Where task B{i} depends on tasks A{i-1} and A{i}.

The question is how to execute this workflow with Celery such that:

• No A task is executed twice.
• Each B task can start as soon as both A tasks it depends on are finished?

I've tried the following options but none has both properties.

Option 1: Two groups

I have split the two iterations into two separate groups like this.

result = group([A.s(1), A.s(2), A.s(3)]) | group([B.s(2), B.s(3)])

The problem with this execution is that the whole group with A tasks needs to finish before the B group can start. This leads to the desired result but not to the optimal utilization of the resources.

Option 2: Chords

result = group([
    chord([A.s(1), A.s(2)], B.s(2)),
    chord([A.s(2), A.s(3)], B.s(3))
])

The problem here is that A.s(2) is called twice.

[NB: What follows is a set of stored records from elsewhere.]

(* Operators on the finite-dimensional Hilbert space C^T (T a finite index
   set, orthonormal basis |t>), given by their matrix entries <x|E|y>. *)
Definition op (C : Type) (T : finType) := T -> T -> C.

Section Ops.
Variable C : numClosedFieldType.

Definition psd (T : finType) (E : op C T) : Prop :=
  forall v : T -> C, 0 <= \sum_(x : T) \sum_(y : T) (v x)^* * E x y * v y.

Definition idop (T : finType) : op C T := fun x y => (x == y)%:R.

Definition trace_prod (T : finType) (M E : op C T) : C :=
  \sum_(x : T) \sum_(y : T) M x y * E y x.

(* partial transpose on the B factor of A (x) B, index (a,b):
   (|i><k| (x) |j><l|)^{T_B} = |i><k| (x) |l><j| *)
Definition ptB (TA TB : finType) (E : op C (TA * TB)%type) : op C (TA * TB)%type :=
  fun x y => E (x.1, y.2) (y.1, x.2).

Definition PPT (TA TB : finType) (E : op C (TA * TB)%type) : Prop :=
  psd E /\ psd (ptB E).

Definition PPT_unamb_dist (TA TB : finType) (n : nat)
  (rho : 'I_n -> op C (TA * TB)%type) : Prop :=
  exists (M : 'I_n -> op C (TA * TB)%type) (p : 'I_n -> C),
    (forall i, PPT (M i)) /\
    (forall x y, \sum_(i < n) M i x y = idop x y) /\
    (forall i, 0 < p i) /\
    (forall i j, trace_prod (M i) (rho j) = if i == j then p i else 0).

(* m-fold tensor power of a bipartite operator on A (x) B, regarded as a
   bipartite operator on A^{(x)m} : B^{(x)m}; a basis vector of A^{(x)m} is
   a function 'I_m -> TA, similarly for B. *)
Definition tpow (TA TB : finType) (m : nat) (E : op C (TA * TB)%type) :
  op C ({ffun 'I_m -> TA} * {ffun 'I_m -> TB})%type :=
  fun x y => \prod_(k < m) E (x.1 k, x.2 k) (y.1 k, y.2 k).

Definition PPT_indist_many_copy (TA TB : finType) (n : nat)
  (rho : 'I_n -> op C (TA * TB)%type) : Prop :=
  forall m : nat, (0 < m)%N -> ~ PPT_unamb_dist (fun i => @tpow TA TB m (rho i)).

Definition normalized (T : finType) (v : T -> C) : Prop :=
  \sum_(x : T) (v x)^* * v x = 1.

Definition product_vec (TA TB : finType) (v : (TA * TB)%type -> C) : Prop :=
  exists (a : TA -> C) (b : TB -> C), forall i j, v (i, j) = a i * b j.

Definition entangled_pure (TA TB : finType) (v : (TA * TB)%type -> C) : Prop :=
  normalized v /\ ~ product_vec v.

Definition proj (T : finType) (v : T -> C) : op C T :=
  fun x y => v x * (v y)^*.

End Ops.
Arguments idop {C T} x y.
Arguments tpow {C TA TB} m E x y.

From mathcomp Require Import all_boot all_order all_algebra.
From mathcomp Require Import complex.
From mathcomp Require Import ring.
Import Order.TTheory GRing.Theory Num.Theory.
Local Open Scope ring_scope.

(* Let M_0 be the PPT element that detects phi^(m).  It annihilates rho^(m),
   so its partial transpose N = M_0^(T_B), which is positive, annihilates
   ((I - |phi><phi|)^(T_B))^(m).  For a unit vector phi, 2 (I - |phi><phi|)^(T_B)
   is a sum of rank-one terms v_j v_j^* built from 2x2 "wedges" of the
   coefficient matrix of phi, and when phi is entangled the v_j span the
   whole space.  Then the m-fold tensor products of the v_j span the m-copy
   space and all lie in the kernel of the positive operator N; hence N = 0,
   so M_0 = 0 and tr (M_0 phi^(m)) cannot be positive. *)

Set Implicit Arguments. Unset Strict Implicit.

Section Forms.
Context {C : numClosedFieldType}.

Lemma sum_delta_l (T : finType) (F : T -> C) a : \sum_i (i == a)%:R * F i = F a.
Proof.
rewrite (bigD1 a) //= eqxx mul1r big1 ?addr0 // => i /negbTE->; exact: mul0r.
Qed.

Lemma sum_delta_r (T : finType) (F : T -> C) a : \sum_i F i * (i == a)%:R = F a.
Proof. by rewrite -[RHS](sum_delta_l F); apply: eq_bigr => i _; rewrite mulrC. Qed.

Lemma sum_pair (TA TB : finType) (F : (TA * TB)%type -> C) :
  \sum_p F p = \sum_a \sum_b F (a, b).
Proof. by rewrite pair_bigA; apply: eq_bigr => -[]. Qed.

Definition form (T : finType) (E : op C T) (u v : T -> C) : C :=
  \sum_x \sum_y (u x)^* * E x y * v y.

Lemma form_lincomb (T : finType) (E : op C T) u v a b :
  form E (fun x => a * u x + b * v x) (fun x => a * u x + b * v x) =
  a^* * a * form E u u + a^* * b * form E u v +
  b^* * a * form E v u + b^* * b * form E v v.
Proof.
rewrite /form !mulr_sumr -!big_split /=; apply: eq_bigr => x _.
rewrite !mulr_sumr -!big_split /=; apply: eq_bigr => y _.
rewrite rmorphD !rmorphM /=; ring.
Qed.

Lemma psd_form_ge0 (T : finType) (E : op C T) v : psd E -> 0 <= form E v v.
Proof. by move/(_ v). Qed.

(* Polarization: the cross terms of [form E (u + b v)] are real for [b = 1] and [b = 'i]. *)
Lemma psd_form_conj (T : finType) (E : op C T) u v :
  psd E -> (form E u v)^* = form E v u.
Proof.
move=> psdE; set x := form E u v; set y := form E v u.
have cross_real b : b^* * b \is Num.real -> b * x + b^* * y \is Num.real.
  move=> bb_real; have := form_lincomb E u v 1 b.
  rewrite rmorph1 !mul1r mulr1 -/x -/y => expand.
  have -> : b * x + b^* * y =
      form E (fun z => 1 * u z + b * v z) (fun z => 1 * u z + b * v z)
      - form E u u - b^* * b * form E v v by rewrite expand; ring.
  by rewrite !rpredB ?(rpredM bb_real) ?ger0_real ?psd_form_ge0.
have e1 : (x + y)^* = x + y.
  apply: conj_Creal; have := cross_real 1; rewrite rmorph1 !mul1r; apply; exact: real1.
have e2 : ('i * x - 'i * y)^* = 'i * x - 'i * y.
  apply: conj_Creal; have := cross_real 'i.
  rewrite conjCi mulNr -expr2 sqrCi opprK mulNr; apply; exact: real1.
rewrite rmorphD in e1; rewrite rmorphB !rmorphM /= conjCi in e2.
have two_neq0 : (2%:R : C) != 0 by rewrite pnatr_eq0.
apply: (mulfI two_neq0); apply: (mulfI (neq0Ci C)).
have -> : 'i * (2%:R * x^*) = 'i * (x^* + y^*) - (- 'i * x^* - - 'i * y^*) by ring.
by rewrite e1 e2; ring.
Qed.

(* With [z = E w] of squared norm [n], the form at [(Q + 1) w - n z] equals
   [- n ^+ 2 * (Q + 2)], where [Q = form E z z >= 0]. *)
Lemma psd_form_eq0 (T : finType) (E : op C T) w :
  psd E -> form E w w = 0 -> forall x, \sum_y E x y * w y = 0.
Proof.
move=> psdE Ew0.
pose z x := \sum_y E x y * w y.
pose n := \sum_x (z x)^* * z x.
have n_ge0 : 0 <= n by apply: sumr_ge0 => x _; rewrite mulrC mul_conjC_ge0.
have n_conj : n^* = n := conj_Creal (ger0_real n_ge0).
have Ezw : form E z w = n.
  by apply: eq_bigr => x _; rewrite /z mulr_sumr; apply: eq_bigr => y _; rewrite mulrA.
have Ewz : form E w z = n by rewrite -psd_form_conj // Ezw n_conj.
set Q := form E z z.
have Q_ge0 : 0 <= Q := psd_form_ge0 z psdE.
have Q1_conj : (Q + 1)^* = Q + 1 by apply/conj_Creal/ger0_real; rewrite addr_ge0.
have Nn_conj : (- n)^* = - n by apply/conj_Creal; rewrite rpredN ger0_real.
have := psd_form_ge0 (fun x => (Q + 1) * w x + (- n) * z x) psdE.
rewrite form_lincomb Ew0 Ewz Ezw -/Q Q1_conj Nn_conj.
have -> : (Q + 1) * (Q + 1) * 0 + (Q + 1) * - n * n + - n * (Q + 1) * n + - n * - n * Q
    = - (n ^+ 2 * (Q + 2%:R)) by ring.
rewrite oppr_ge0 pmulr_lle0 ?ltr_wpDl // => n2_le0.
have : n ^+ 2 == 0 by rewrite eq_le n2_le0 exprn_ge0.
rewrite expf_eq0 /= => /eqP/psumr_eq0P z0 x.
apply/eqP; rewrite -mul_conjC_eq0 mulrC; apply/eqP; apply: z0 => // y _.
by rewrite mulrC mul_conjC_ge0.
Qed.

End Forms.

Section Trace.
Context {C : numClosedFieldType}.

Definition gram (J T : finType) (v : J -> T -> C) : op C T :=
  fun x y => \sum_j v j x * (v j y)^*.

Definition spanning (J T : finType) (v : J -> T -> C) : Prop :=
  exists alpha : T -> J -> C, forall t s, (t == s)%:R = \sum_j alpha t j * v j s.

Lemma trace_prod_gram (J T : finType) (N : op C T) (v : J -> T -> C) :
  trace_prod N (gram v) = \sum_j form N (v j) (v j).
Proof.
rewrite [RHS]exchange_big; apply: eq_bigr => x _.
rewrite [RHS]exchange_big; apply: eq_bigr => y _.
by rewrite mulr_sumr; apply: eq_bigr => j _; ring.
Qed.

Lemma psd_trace_gram_eq0 (J T : finType) (N : op C T) (v : J -> T -> C) :
  psd N -> spanning v -> trace_prod N (gram v) = 0 -> forall x y, N x y = 0.
Proof.
move=> psdN [alpha span]; rewrite trace_prod_gram => tr0 x t.
have Nv j : \sum_y N x y * v j y = 0.
  apply: (psd_form_eq0 psdN); apply: (psumr_eq0P _ tr0) => // i _.
  exact: psd_form_ge0.
rewrite -[LHS](sum_delta_r (N x) t).
under eq_bigr do rewrite eq_sym span mulr_sumr.
rewrite exchange_big big1 // => j _.
transitivity (alpha t j * \sum_y N x y * v j y); last by rewrite Nv mulr0.
by rewrite mulr_sumr; apply: eq_bigr => y _; ring.
Qed.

I can manage this inside of my application but that requires sort of distributed locks and more careful handling of what is already done and what needs to be done. Executing A.s(2) twice is not an option. Tasks are idempotent but the execution takes too long.

This is based on my question at StackOverflow.

[auvipy]

can you please check some related issues with the canvas tag? this type of issue might already exist. or might not so checking the tagged issues would be helpful.